Records contained in a dataset:
------------------------

(* Let $(X,d_X)$ be a metric space, $\gamma\ge1$ and $d$ a positive integer with $\gamma_d(X)<\gamma<\infty$. Then for every $k\in\mathbb Z$, $X$ admits a $2^k$-bounded $\big(\frac1{100\gamma d^2},\frac1{d+1}\big)$-padded stochastic decomposition.
   Context: $X$ has Nagata dimension at most $d$ with constant $\gamma$ if for every $s>0$ there is a family $\mathscr C$ of nonempty subsets of $X$ covering $X$, with $\mathrm{diam}(C)\le\gamma s$ for all $C\in\mathscr C$, such that every $A\subseteq X$ with $\mathrm{diam}(A)\le s$ meets at most $d+1$ members of $\mathscr C$. $\gamma_d(X)$ is the infimum of such $\gamma$ ($\infty$ if none). For a partition $\mathscr P$ and $x\in X$, $\mathscr P(x)$ is the part containing $x$. A $\Delta$-bounded stochastic decomposition is a probability distribution over partitions of $X$ such that almost surely all parts have diameter $\le\Delta$; it is $(\varepsilon,\delta)$-padded if $\Pr[\mathscr P(x)\supseteq B_X(x,\varepsilon\Delta)]\ge\delta$ for every $x\in X$ ($B_X$ the closed ball). *)

From HB Require Import structures.
From mathcomp Require Import all_boot all_order all_algebra.
From mathcomp Require Import all_classical all_reals all_analysis.
Set Implicit Arguments. Unset Strict Implicit. Unset Printing Implicit Defensive.
Import Order.TTheory GRing.Theory Num.Theory.
Local Open Scope classical_set_scope.
Local Open Scope ring_scope.

Section Defs.
Context {R : realType} {X : Type}.

Definition is_metric (dist : X -> X -> R) : Prop :=
  (forall x y, 0 <= dist x y) /\
  (forall x y, dist x y = 0 <-> x = y) /\
  (forall x y, dist x y = dist y x) /\
  (forall x y z, dist x z <= dist x y + dist y z).

Definition diam (dist : X -> X -> R) (A : set X) : \bar R :=
  ereal_sup [set (dist x y)%:E | x in A & y in A].

Definition closed_ball (dist : X -> X -> R) (x : X) (r : R) : set X :=
  [set y | dist x y <= r].

Definition nagata_with (dist : X -> X -> R) (d : nat) (g : R) : Prop :=
  forall s : R, 0 < s ->
    exists F : set (set X),
      (forall C, F C -> C !=set0) /\
      (forall x, exists C, F C /\ C x) /\
      (forall C, F C -> (diam dist C <= (g * s)%:E)%E) /\
      (forall A : set X, (diam dist A <= s%:E)%E ->
         ([set C | F C /\ C `&` A !=set0] #<= `I_(d.+1))%card).

(* gamma_d(X): infimum of admissible constants (+oo if none) *)
Definition gamma_nagata (dist : X -> X -> R) (d : nat) : \bar R :=
  ereal_inf [set g%:E | g in nagata_with dist d].

Definition is_partition (P : set (set X)) : Prop :=
  (forall C, P C -> C !=set0) /\
  (forall C D, P C -> P D -> C `&` D !=set0 -> C = D) /\
  (forall x, exists C, P C /\ C x).

Definition part_of (P : set (set X)) (x : X) : set X :=
  [set y | exists C, P C /\ C x /\ C y].

Definition padded_stoch_decomp (dist : X -> X -> R) (Delta eps delta : R) : Prop :=
  exists (disp : measure_display) (Omega : measurableType disp)
         (P : probability Omega R) (Part : Omega -> set (set X)),
    (forall w, is_partition (Part w)) /\
    {ae P, forall w, forall C, Part w C -> (diam dist C <= Delta%:E)%E} /\
    (forall x,
       measurable [set w | closed_ball dist x (eps * Delta) `<=` part_of (Part w) x] /\
       (delta%:E <= P [set w | closed_ball dist x (eps * Delta) `<=` part_of (Part w) x])%E).

End Defs.

From Pilot Require Import Defs.
From HB Require Import structures.
From mathcomp Require Import all_boot all_order all_algebra.
From mathcomp Require Import all_classical all_reals all_analysis.
From mathcomp.algebra_tactics Require Import ring lra.
Import Order.TTheory GRing.Theory Num.Theory.
Local Open Scope ring_scope.

(* Take a cover [F] from the Nagata bound at scale [s = 50 d r] and a threshold
   [t] drawn uniformly from [2r, 4r, ..., 2nr] with [n = 2(d+1)].  Two points
   lie in the same part when the same members of [F] come within [t] of them,
   so parts have diameter at most [gamma s + t].  The ball [B(x, r)] can only
   be split when some member of [F] meets [B(x, t + r)] but not [B(x, t - r)];
   since thresholds are [2r] apart, each member does this for at most one [t],
   and at most [d + 1] members come near [x].  Hence at least half of the
   thresholds pad [x]. *)

Section padding.
Local Open Scope classical_set_scope.

Section uniform_nat.
Context {R : realType}.
Variable n : nat.
Hypothesis n_gt0 : (0 < n)%N.

Definition counting_below : measure nat R := msum (fun i => \d_i) n.

(* [\d_0] is only the fallback of [mnormalize] for the null measure [n = 0]. *)
Definition uniform_nat : probability nat R := mnormalize counting_below \d_0%N.

Lemma uniform_natE (A : set nat) :
  uniform_nat A = (#|[set i : 'I_n | `[< A i >]]%SET|%:R / n%:R)%:E.
Proof.
have counting_belowE (B : set nat) :
    counting_below B = (#|[set i : 'I_n | `[< B i >]]%SET|%:R)%:E.
  rewrite /counting_below /msum /= -sum1_card natr_sum -sumEFin big_mkcond /=.
  apply: eq_bigr => i _; rewrite /= diracE inE.
  by case: asboolP => Bi; [rewrite (mem_set Bi) | rewrite (memNset Bi)].
rewrite /uniform_nat /=; unfold mnormalize; rewrite !counting_belowE.
have -> : #|[set i : 'I_n | `[< @setT nat i >]]%SET| = n.
  by rewrite -[RHS]card_ord; apply: eq_card => i; rewrite inE; apply/asboolP.
by rewrite eqe pnatr_eq0 gtn_eqF //= counting_belowE -EFinM.
Qed.

End uniform_nat.

Lemma diam_leP {R : realType} {X : Type} (dist : X -> X -> R) (A : set X) G :
  (diam dist A <= G%:E)%E <-> (forall a b, A a -> A b -> dist a b <= G).
Proof.
split=> [AG a b Aa Bb | AG].
  rewrite -lee_fin; apply: le_trans AG.
  by apply: ereal_sup_ubound; exists a => //; exists b.
by apply: ge_ereal_sup => _ [a Aa [b Ab <-]]; rewrite lee_fin; apply: AG.
Qed.

Lemma leq_card_in_II {T : finType} {U : Type} {B : {set T}} {S : set U}
    {m : nat} (phi : T -> U) :
  {in B &, injective phi} -> (forall i, i \in B -> S (phi i)) ->
  (S #<= `I_m)%card -> (#|B| <= m)%N.
Proof.
move=> phi_inj phiS /pcard_leP[f].
rewrite cardE -(size_map (f \o phi)) -[X in (_ <= X)%N](size_iota 0).
apply: uniq_leq_size.
  rewrite map_inj_in_uniq ?enum_uniq // => i j; rewrite !mem_enum => iB jB /=.
  by move/(inj (mem_set (phiS i iB)) (mem_set (phiS j jB))); apply: phi_inj.
move=> _ /mapP[i iB ->]; rewrite mem_iota add0n /=.
by apply: (funS (s := f)); apply: phiS; rewrite -mem_enum.
Qed.

Section threshold_partition.
Context {R : realType} {X : Type}.
Variable dist : X -> X -> R.
Hypothesis dist_metric : is_metric dist.
Variable F : set (set X).

Let distxx x : dist x x = 0.
Proof. by case: dist_metric => _ [/(_ x x) [_ ->]]. Qed.

Let distC x y : dist x y = dist y x.
Proof. by case: dist_metric => _ [_ []]. Qed.

Let dist_triangle x y z : dist x z <= dist x y + dist y z.
Proof. by case: dist_metric => _ [_ [_]]. Qed.

Definition nagata_cover (G s : R) (d : nat) :=
  (forall x, exists C, F C /\ C x) /\
  (forall C, F C -> (diam dist C <= G%:E)%E) /\
  (forall A, (diam dist A <= s%:E)%E ->
     ([set C | F C /\ C `&` A !=set0] #<= `I_d.+1)%card).

Definition meets_ball (C : set X) (x : X) (t : R) :=
  exists2 c, C c & dist x c < t.

Definition members_near (t : R) (y : X) := [set C | F C /\ meets_ball C y t].

Definition threshold_class (t : R) (y : X) :=
  [set z | members_near t z = members_near t y].

Definition threshold_partition (t : R) :=
  [set K | exists y, K = threshold_class t y].

Definition cut_at (x : X) (r t : R) (C : set X) :=
  meets_ball C x (t + r) /\ ~ meets_ball C x (t - r).

Lemma meets_ballW {C x t} t' : t <= t' -> meets_ball C x t -> meets_ball C x t'.
Proof. by move=> tt' [c Cc xc]; exists c => //; apply: lt_le_trans tt'. Qed.

Lemma meets_ball_shift {C x y r t} :
  dist x y <= r -> meets_ball C y t -> meets_ball C x (t + r).
Proof.
move=> xy [c Cc yc]; exists c => //.
by apply: le_lt_trans (dist_triangle x y c) _; rewrite addrC ltr_leD.
Qed.

Lemma is_partition_threshold_partition t : is_partition (threshold_partition t).
Proof.
split; [|split].
- by move=> _ [y ->]; exists y.
- move=> _ _ [y1 ->] [y2 ->] [z [zy1 zy2]].
  rewrite /threshold_class in zy1 zy2 *.
  by apply/seteqP; split => w /= ->; rewrite -?zy1 -?zy2.
- by move=> x; exists (threshold_class t x); split; [exists x|].
Qed.

Lemma threshold_class_sub_part_of t x :
  threshold_class t x `<=` part_of (threshold_partition t) x.
Proof. by move=> y xy; exists (threshold_class t x); split; [exists x|]. Qed.

Lemma diam_threshold_partition {t G} : 0 < t ->
  (forall x, exists C, F C /\ C x) ->
  (forall C, F C -> (diam dist C <= G%:E)%E) ->
  forall K, threshold_partition t K -> (diam dist K <= (G + t)%:E)%E.
Proof.
move=> t_gt0 F_cover F_diam _ [y ->]; apply/diam_leP => a b ya yb.
have [C [FC Ca]] := F_cover a.
have : members_near t a C by split => //; exists a; rewrite ?distxx.
rewrite /threshold_class /= in ya yb; rewrite ya -yb => -[_ [c Cc bc]].
apply: le_trans (dist_triangle a c b) _; rewrite [dist c b]distC.
by apply: lerD; [move/diam_leP: (F_diam C FC); apply | apply: ltW].
Qed.

Lemma cut_at_unique {x r t1 t2 C} :
  t1 + r <= t2 - r -> cut_at x r t1 C -> cut_at x r t2 C -> False.
Proof. by move=> t12 [near1 _] [_]; apply; apply: meets_ballW near1. Qed.

Lemma closed_ball_sub_threshold_part x r t : 0 <= r ->
  (forall C, F C -> ~ cut_at x r t C) ->
  Defs.closed_ball dist x r `<=` part_of (threshold_partition t) x.
Proof.
move=> r_ge0 uncut y xy; apply: threshold_class_sub_part_of.
have near_inner C : F C -> meets_ball C x (t + r) -> meets_ball C x (t - r).
  by move=> FC near; apply: contrapT => far; apply: (uncut C FC).
apply/seteqP; split => C [FC near]; split => //.
- apply: meets_ballW (near_inner C FC (meets_ball_shift xy near)).
  by rewrite lerBlDr lerDl.
- rewrite -(subrK r t); apply: meets_ball_shift.
    by rewrite distC; exact: xy.
  by apply: near_inner => //; apply: meets_ballW near; rewrite lerDl.
Qed.

Lemma card_cut_thresholds x r T (n d : nat) (t : nat -> R) :
  (forall i j, (i < j < n)%N -> t i + r <= t j - r) ->
  (forall i, (i < n)%N -> t i <= T) ->
  ([set C | F C /\ C `&` [set c | dist x c < T + r] !=set0] #<= `I_d.+1)%card ->
  (#|[set i : 'I_n | `[< exists2 C, F C & cut_at x r (t i) C >]]%SET| <= d.+1)%N.
Proof.
move=> t_sep t_le F_mult; set B := [set i : 'I_n | _]%SET.
have cut_member i : exists C, i \in B -> F C /\ cut_at x r (t i) C.
  have [[C FC cutC]|uncut] := pselect (exists2 C, F C & cut_at x r (t i) C).
    by exists C.
  by exists set0; rewrite inE => /asboolP.
have [member member_cut] := choice cut_member.
apply: (leq_card_in_II member _ _ F_mult) => [i j iB jB eq_ij | i /member_cut].
  have [_ cut_i] := member_cut i iB; have [_ cut_j] := member_cut j jB.
  rewrite eq_ij in cut_i.
  case: (ltngtP i j) => [ij|ji|/val_inj //]; exfalso.
  - by apply: (cut_at_unique _ cut_i cut_j); apply: t_sep; rewrite ij ltn_ord.
  - by apply: (cut_at_unique _ cut_j cut_i); apply: t_sep; rewrite ji ltn_ord.
move=> [FC [[c Cc xc] _]]; split => //; exists c; split => //=.
by apply: lt_le_trans xc _; rewrite lerD2r t_le.
Qed.

Lemma threshold_padded_stoch_decomp (G s r Delta eps : R) (n d : nat) :
  (0 < n)%N -> 0 < r -> eps * Delta = r ->
  G + n%:R * (2 * r) <= Delta -> 2 * (n%:R * (2 * r) + r) <= s ->
  nagata_cover G s d ->
  padded_stoch_decomp dist Delta eps ((n - d.+1)%:R / n%:R).
Proof.
move=> n_gt0 r_gt0 eps_Delta Delta_ge ball_le [F_cover [F_diam F_mult]].
(* Reducing [w] modulo [n] bounds every part surely, not just almost surely. *)
pose t w : R := ((w %% n).+1)%:R * (2 * r).
have t_gt0 w : 0 < t w by rewrite mulr_gt0 ?ltr0Sn //; lra.
have t_le w : t w <= n%:R * (2 * r).
  by rewrite ler_wpM2r ?ler_nat ?ltn_pmod //; lra.
have t_sep i j : (i < j < n)%N -> t i + r <= t j - r.
  move=> /andP[ij jn]; rewrite /t !modn_small ?(ltn_trans ij) //.
  have : (i.+1)%:R + 1 <= (j.+1)%:R :> R by rewrite natr1 ler_nat.
  nra.
exists default_measure_display, nat, (@uniform_nat R n),
  (fun w => threshold_partition (t w)).
split; [|split].
- by move=> w; apply: is_partition_threshold_partition.
- apply: aeW => w K /(diam_threshold_partition (t_gt0 w) F_cover F_diam).
  move/le_trans; apply; rewrite lee_fin.
  by apply: le_trans Delta_ge; rewrite lerD2l.
(* Measurability is free: every subset of [nat] is measurable. *)
move=> x; split => //; rewrite eps_Delta (uniform_natE _ n_gt0) lee_fin.
rewrite ler_wpM2r ?invr_ge0 ?ler0n // ler_nat.
set cut := [set i : 'I_n | `[< exists2 C, F C & cut_at x r (t i) C >]]%SET.
have cut_le : (#|cut| <= d.+1)%N.
  apply: (card_cut_thresholds x r (n%:R * (2 * r)) n d t t_sep) => [i _|].
    exact: t_le.
  apply: F_mult; apply/diam_leP => a b /= xa xb; apply: le_trans ball_le.
  by apply: le_trans (dist_triangle a x b) _; rewrite [dist a x]distC; lra.
apply: leq_trans (subset_leq_card (_ : ~: cut \subset _)).
  by rewrite cardsCs finset.setCK card_ord leq_sub2l.
apply/fintype.subsetP => i; rewrite !inE => /asboolPn uncut.
apply: closed_ball_sub_threshold_part; first exact: ltW.
by move=> C FC cutC; apply: uncut; exists C.
Qed.

End threshold_partition.

Lemma padded_stoch_decompW {R : realType} {X : Type} {dist : X -> X -> R}
    {Delta eps delta delta' : R} :
  delta' <= delta -> padded_stoch_decomp dist Delta eps delta ->
  padded_stoch_decomp dist Delta eps delta'.
Proof.
move=> le_delta [disp [T [P [Part [Part_partition [Part_diam Part_pad]]]]]].
exists disp, T, P, Part; split => //; split => // x.
by have [Ex_measurable Ex_ge] := Part_pad x; split => //; apply: le_trans Ex_ge.
Qed.

Lemma nagata_diam_budget {R : realType} (g g' r : R) (d : nat) :
  (0 < d)%N -> g' <= g -> 1 <= g -> 0 < r ->
  g' * (50 * d%:R * r) + (2 * d.+1)%:R * (2 * r) <= 100 * g * d%:R ^+ 2 * r.
Proof.
move=> d_gt0 g'g g_ge1 r_gt0.
have d_ge1 : 1 <= d%:R :> R by rewrite ler1n.
have dr_ge0 : 0 <= d%:R * r :> R by rewrite mulr_ge0 ?ler0n ?ltW.
have : 0 <= (g - g') * (d%:R * r) by rewrite mulr_ge0 // subr_ge0.
have : 0 <= (g - 1) * (d%:R * r * d%:R).
  by apply: mulr_ge0; [lra | apply: mulr_ge0].
have : 0 <= g * (d%:R * r) * (d%:R - 1).
  by apply: mulr_ge0; [apply: mulr_ge0 => //; lra | lra].
have : 0 <= (d%:R * r) * (d%:R - 1) by apply: mulr_ge0 => //; lra.
have : 0 <= r * (d%:R - 1) by apply: mulr_ge0; lra.
rewrite natrM -addn1 natrD; lra.
Qed.

Lemma nagata_ball_budget {R : realType} {r : R} {d : nat} :
  (0 < d)%N -> 0 < r -> 2 * ((2 * d.+1)%:R * (2 * r) + r) <= 50 * d%:R * r.
Proof.
move=> d_gt0 r_gt0; have d_ge1 : 1 <= d%:R :> R by rewrite ler1n.
have : 0 <= r * (d%:R - 1) by apply: mulr_ge0; lra.
rewrite natrM -addn1 natrD; lra.
Qed.

Lemma inv_succ_le_half {R : realType} {d : nat} : (0 < d)%N ->
  1 / d.+1%:R <= (2 * d.+1 - d.+1)%:R / (2 * d.+1)%:R :> R.
Proof.
move=> d_gt0; have d_ge1 : 1 <= d%:R :> R by rewrite ler1n.
rewrite mul2n -addnn addnK natrD -addn1 natrD.
have -> : (d%:R + 1%:R) / (d%:R + 1%:R + (d%:R + 1%:R)) = 1 / 2 :> R.
  by field; lra.
by rewrite ler_pdivrMr ?mul1r ?ler_pdivlMl; lra.
Qed.

End padding.

Theorem lemma5p2 (R : realType) (X : Type) (dist : X -> X -> R)
  (hmetric : is_metric dist) (g : R) (d : nat)
  (hg1 : 1 <= g) (hd : (0 < d)%N)
  (hgamma : (gamma_nagata dist d < g%:E)%E) :
  forall k : int,
    padded_stoch_decomp dist ((2 : R) ^ k)
      (1 / (100 * g * (d%:R) ^+ 2)) (1 / (d.+1)%:R).
Proof.
move=> k.
have [_ [g' nagata_g' <-]] := ereal_inf_lt hgamma; rewrite lte_fin => g'_lt_g.
set eps := 1 / (100 * g * d%:R ^+ 2).
have eps_gt0 : 0 < eps.
  by rewrite divr_gt0 // !mulr_gt0 ?exprn_gt0 ?ltr0n //; lra.
set r := eps * 2 ^ k.
have r_gt0 : 0 < r by rewrite mulr_gt0 // exprz_gt0.
have Delta_eq : 2 ^ k = 100 * g * d%:R ^+ 2 * r.
  by rewrite /r /eps; field; rewrite pnatr_eq0 -lt0n hd; lra.
set s := 50 * d%:R * r.
have s_gt0 : 0 < s by apply: mulr_gt0 r_gt0; rewrite mulr_gt0 ?ltr0n.
have [F [_ F_nagata]] := nagata_g' s s_gt0.
apply: padded_stoch_decompW (inv_succ_le_half hd) _.
apply: (threshold_padded_stoch_decomp _ hmetric F _ s r _ _ (2 * d.+1) d _
  r_gt0 erefl _ _ F_nagata) => //.
- by rewrite Delta_eq; apply: nagata_diam_budget => //; apply: ltW.
- exact: nagata_ball_budget hd r_gt0.
Qed.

------------------------

WHAT THE EXERCISE ASKS:
Using the entries above, determine how many lines include the string "phiS" and write only that number.

OUTPUT FOR THIS TASK:
3